* _Material provided_
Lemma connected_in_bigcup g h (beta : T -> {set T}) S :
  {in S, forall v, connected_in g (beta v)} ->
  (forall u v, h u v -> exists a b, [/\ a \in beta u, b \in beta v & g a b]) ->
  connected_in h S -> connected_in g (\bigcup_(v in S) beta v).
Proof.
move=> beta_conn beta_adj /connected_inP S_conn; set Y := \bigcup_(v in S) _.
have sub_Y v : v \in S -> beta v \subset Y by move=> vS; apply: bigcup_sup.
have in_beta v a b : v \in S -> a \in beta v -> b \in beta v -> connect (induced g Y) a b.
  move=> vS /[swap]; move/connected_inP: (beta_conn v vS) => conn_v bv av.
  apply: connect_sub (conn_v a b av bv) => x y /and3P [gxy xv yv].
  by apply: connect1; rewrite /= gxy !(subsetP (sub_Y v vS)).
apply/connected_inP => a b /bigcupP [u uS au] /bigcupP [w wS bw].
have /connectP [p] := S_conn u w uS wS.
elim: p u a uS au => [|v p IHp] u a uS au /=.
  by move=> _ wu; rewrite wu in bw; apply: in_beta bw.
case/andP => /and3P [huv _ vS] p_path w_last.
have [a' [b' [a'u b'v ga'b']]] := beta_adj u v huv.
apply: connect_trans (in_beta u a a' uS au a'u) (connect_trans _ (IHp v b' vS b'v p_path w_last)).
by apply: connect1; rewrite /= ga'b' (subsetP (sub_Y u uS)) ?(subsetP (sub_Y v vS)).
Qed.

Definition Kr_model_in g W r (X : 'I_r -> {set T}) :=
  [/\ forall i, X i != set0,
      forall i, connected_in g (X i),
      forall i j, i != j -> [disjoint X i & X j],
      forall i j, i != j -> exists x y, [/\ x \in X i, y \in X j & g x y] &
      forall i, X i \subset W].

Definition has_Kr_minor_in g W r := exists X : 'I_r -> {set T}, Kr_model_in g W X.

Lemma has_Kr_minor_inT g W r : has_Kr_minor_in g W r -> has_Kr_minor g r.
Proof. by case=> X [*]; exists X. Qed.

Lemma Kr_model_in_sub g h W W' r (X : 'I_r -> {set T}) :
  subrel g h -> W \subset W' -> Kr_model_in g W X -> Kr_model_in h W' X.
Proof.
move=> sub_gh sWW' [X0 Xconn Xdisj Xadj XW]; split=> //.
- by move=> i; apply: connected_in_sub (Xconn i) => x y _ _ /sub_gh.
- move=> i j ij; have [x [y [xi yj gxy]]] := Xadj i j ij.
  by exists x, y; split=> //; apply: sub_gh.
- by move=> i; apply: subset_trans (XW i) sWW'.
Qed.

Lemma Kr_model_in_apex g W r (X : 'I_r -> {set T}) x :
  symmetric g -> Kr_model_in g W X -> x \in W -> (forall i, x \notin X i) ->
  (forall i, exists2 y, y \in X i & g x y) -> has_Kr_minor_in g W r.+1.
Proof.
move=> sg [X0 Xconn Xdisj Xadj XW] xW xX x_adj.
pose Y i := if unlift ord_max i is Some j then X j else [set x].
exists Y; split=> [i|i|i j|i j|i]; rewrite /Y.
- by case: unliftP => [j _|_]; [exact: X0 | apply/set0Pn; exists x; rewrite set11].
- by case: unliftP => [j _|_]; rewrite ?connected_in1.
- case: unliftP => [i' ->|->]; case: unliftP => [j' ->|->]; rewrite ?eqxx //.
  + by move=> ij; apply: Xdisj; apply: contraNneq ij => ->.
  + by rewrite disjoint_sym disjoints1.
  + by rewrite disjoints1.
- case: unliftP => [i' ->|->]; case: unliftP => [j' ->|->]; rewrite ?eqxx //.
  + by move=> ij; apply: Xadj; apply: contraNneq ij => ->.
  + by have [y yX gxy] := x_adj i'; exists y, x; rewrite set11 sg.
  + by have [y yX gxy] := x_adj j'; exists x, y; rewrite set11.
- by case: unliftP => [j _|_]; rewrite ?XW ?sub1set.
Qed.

==

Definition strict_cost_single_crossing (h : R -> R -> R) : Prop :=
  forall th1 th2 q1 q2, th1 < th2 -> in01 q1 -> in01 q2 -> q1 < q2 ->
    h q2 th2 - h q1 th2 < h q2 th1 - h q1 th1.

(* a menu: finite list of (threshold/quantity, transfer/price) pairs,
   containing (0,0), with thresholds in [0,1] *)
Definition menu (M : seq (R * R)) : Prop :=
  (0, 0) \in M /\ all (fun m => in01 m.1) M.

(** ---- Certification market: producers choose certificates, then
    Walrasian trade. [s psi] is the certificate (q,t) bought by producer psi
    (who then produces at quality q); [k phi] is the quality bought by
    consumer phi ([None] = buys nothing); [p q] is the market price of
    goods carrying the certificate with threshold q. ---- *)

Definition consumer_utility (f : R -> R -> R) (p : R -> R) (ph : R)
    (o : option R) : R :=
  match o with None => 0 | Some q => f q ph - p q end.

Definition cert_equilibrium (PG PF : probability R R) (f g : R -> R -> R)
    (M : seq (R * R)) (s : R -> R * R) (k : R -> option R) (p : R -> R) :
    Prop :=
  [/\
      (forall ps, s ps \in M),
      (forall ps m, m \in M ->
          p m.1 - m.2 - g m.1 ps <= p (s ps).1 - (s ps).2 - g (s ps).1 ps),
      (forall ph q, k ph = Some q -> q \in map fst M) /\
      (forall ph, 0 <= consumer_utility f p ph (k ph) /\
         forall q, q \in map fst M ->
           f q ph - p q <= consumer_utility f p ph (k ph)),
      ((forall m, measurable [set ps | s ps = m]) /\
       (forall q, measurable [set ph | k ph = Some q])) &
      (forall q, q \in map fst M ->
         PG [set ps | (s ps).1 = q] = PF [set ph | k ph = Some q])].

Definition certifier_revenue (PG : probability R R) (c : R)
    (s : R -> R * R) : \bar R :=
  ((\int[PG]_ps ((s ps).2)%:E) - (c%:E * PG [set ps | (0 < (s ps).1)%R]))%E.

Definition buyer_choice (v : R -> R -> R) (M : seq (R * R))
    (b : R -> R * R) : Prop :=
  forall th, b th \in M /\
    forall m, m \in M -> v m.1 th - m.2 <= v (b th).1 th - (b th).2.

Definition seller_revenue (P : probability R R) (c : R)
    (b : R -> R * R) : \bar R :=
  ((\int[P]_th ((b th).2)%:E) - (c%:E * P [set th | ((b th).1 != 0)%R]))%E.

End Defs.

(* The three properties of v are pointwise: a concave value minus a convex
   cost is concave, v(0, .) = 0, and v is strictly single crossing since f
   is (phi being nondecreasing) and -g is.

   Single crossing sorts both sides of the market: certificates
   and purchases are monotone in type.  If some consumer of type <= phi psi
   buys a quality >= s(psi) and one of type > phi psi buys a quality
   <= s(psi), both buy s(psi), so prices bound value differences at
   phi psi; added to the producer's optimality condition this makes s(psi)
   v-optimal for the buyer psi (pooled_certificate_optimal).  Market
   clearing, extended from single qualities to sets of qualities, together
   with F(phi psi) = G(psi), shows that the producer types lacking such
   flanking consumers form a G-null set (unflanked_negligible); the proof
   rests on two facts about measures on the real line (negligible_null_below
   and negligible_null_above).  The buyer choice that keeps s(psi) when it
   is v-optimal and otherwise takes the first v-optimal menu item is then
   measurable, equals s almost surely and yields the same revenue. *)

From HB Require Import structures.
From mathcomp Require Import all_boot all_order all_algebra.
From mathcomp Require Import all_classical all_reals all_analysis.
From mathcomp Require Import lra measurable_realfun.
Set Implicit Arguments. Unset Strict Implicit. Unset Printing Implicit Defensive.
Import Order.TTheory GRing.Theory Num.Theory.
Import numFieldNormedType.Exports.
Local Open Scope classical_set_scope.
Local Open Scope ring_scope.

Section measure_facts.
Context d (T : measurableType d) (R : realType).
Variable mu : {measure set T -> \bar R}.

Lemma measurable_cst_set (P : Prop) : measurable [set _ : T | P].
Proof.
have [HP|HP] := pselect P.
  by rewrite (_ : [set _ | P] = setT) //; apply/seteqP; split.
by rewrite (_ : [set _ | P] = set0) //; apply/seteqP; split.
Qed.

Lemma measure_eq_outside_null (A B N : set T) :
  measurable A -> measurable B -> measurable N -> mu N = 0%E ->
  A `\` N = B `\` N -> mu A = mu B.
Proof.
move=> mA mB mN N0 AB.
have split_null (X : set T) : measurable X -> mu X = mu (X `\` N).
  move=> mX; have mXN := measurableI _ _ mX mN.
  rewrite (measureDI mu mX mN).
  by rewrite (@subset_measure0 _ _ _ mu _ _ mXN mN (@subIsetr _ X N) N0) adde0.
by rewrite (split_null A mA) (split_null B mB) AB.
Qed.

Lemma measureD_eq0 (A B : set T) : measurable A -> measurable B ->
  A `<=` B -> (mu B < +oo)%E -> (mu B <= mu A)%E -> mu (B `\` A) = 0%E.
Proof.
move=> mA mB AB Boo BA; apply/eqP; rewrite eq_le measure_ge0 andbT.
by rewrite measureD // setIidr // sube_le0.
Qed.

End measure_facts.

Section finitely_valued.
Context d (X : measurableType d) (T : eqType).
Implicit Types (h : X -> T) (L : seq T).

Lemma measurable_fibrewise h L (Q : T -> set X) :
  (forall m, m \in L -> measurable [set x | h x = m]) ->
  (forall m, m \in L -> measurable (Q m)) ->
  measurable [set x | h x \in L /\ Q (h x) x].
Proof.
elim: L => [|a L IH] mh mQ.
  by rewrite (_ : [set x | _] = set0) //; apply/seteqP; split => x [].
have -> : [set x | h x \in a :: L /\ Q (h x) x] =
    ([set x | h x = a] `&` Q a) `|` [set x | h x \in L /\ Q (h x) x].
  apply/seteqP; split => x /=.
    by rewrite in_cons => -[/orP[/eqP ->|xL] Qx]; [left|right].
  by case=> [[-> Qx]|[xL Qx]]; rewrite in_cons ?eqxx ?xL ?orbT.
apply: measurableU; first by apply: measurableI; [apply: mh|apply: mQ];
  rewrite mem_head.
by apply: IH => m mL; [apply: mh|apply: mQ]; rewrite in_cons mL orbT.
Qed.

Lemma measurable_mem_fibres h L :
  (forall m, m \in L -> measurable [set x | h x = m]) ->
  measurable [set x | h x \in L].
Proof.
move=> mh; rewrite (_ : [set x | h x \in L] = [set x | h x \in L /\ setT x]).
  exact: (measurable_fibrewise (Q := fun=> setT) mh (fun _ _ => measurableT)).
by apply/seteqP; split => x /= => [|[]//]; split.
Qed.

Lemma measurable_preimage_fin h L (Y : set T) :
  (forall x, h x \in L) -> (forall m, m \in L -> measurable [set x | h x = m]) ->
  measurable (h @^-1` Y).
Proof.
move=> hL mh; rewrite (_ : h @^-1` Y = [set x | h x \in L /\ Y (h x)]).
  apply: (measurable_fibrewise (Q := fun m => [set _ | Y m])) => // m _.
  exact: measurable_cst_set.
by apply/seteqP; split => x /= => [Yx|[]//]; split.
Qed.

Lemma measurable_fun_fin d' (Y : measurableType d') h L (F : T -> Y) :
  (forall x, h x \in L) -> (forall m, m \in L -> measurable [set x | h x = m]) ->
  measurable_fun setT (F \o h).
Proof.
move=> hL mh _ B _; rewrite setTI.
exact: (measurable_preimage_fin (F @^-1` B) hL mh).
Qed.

* _Task item_
Print, from the entries above, the line with "Lemma measure_eq_outside_null (A", the line with "move=> mA mB AB" and all lines between them, exactly and with nothing else.

* _Solution for this task_
Lemma measure_eq_outside_null (A B N : set T) :
  measurable A -> measurable B -> measurable N -> mu N = 0%E ->
  A `\` N = B `\` N -> mu A = mu B.
Proof.
move=> mA mB mN N0 AB.
have split_null (X : set T) : measurable X -> mu X = mu (X `\` N).
  move=> mX; have mXN := measurableI _ _ mX mN.
  rewrite (measureDI mu mX mN).
  by rewrite (@subset_measure0 _ _ _ mu _ _ mXN mN (@subIsetr _ X N) N0) adde0.
by rewrite (split_null A mA) (split_null B mB) AB.
Qed.

Lemma measureD_eq0 (A B : set T) : measurable A -> measurable B ->
  A `<=` B -> (mu B < +oo)%E -> (mu B <= mu A)%E -> mu (B `\` A) = 0%E.
Proof.
move=> mA mB AB Boo BA; apply/eqP; rewrite eq_le measure_ge0 andbT.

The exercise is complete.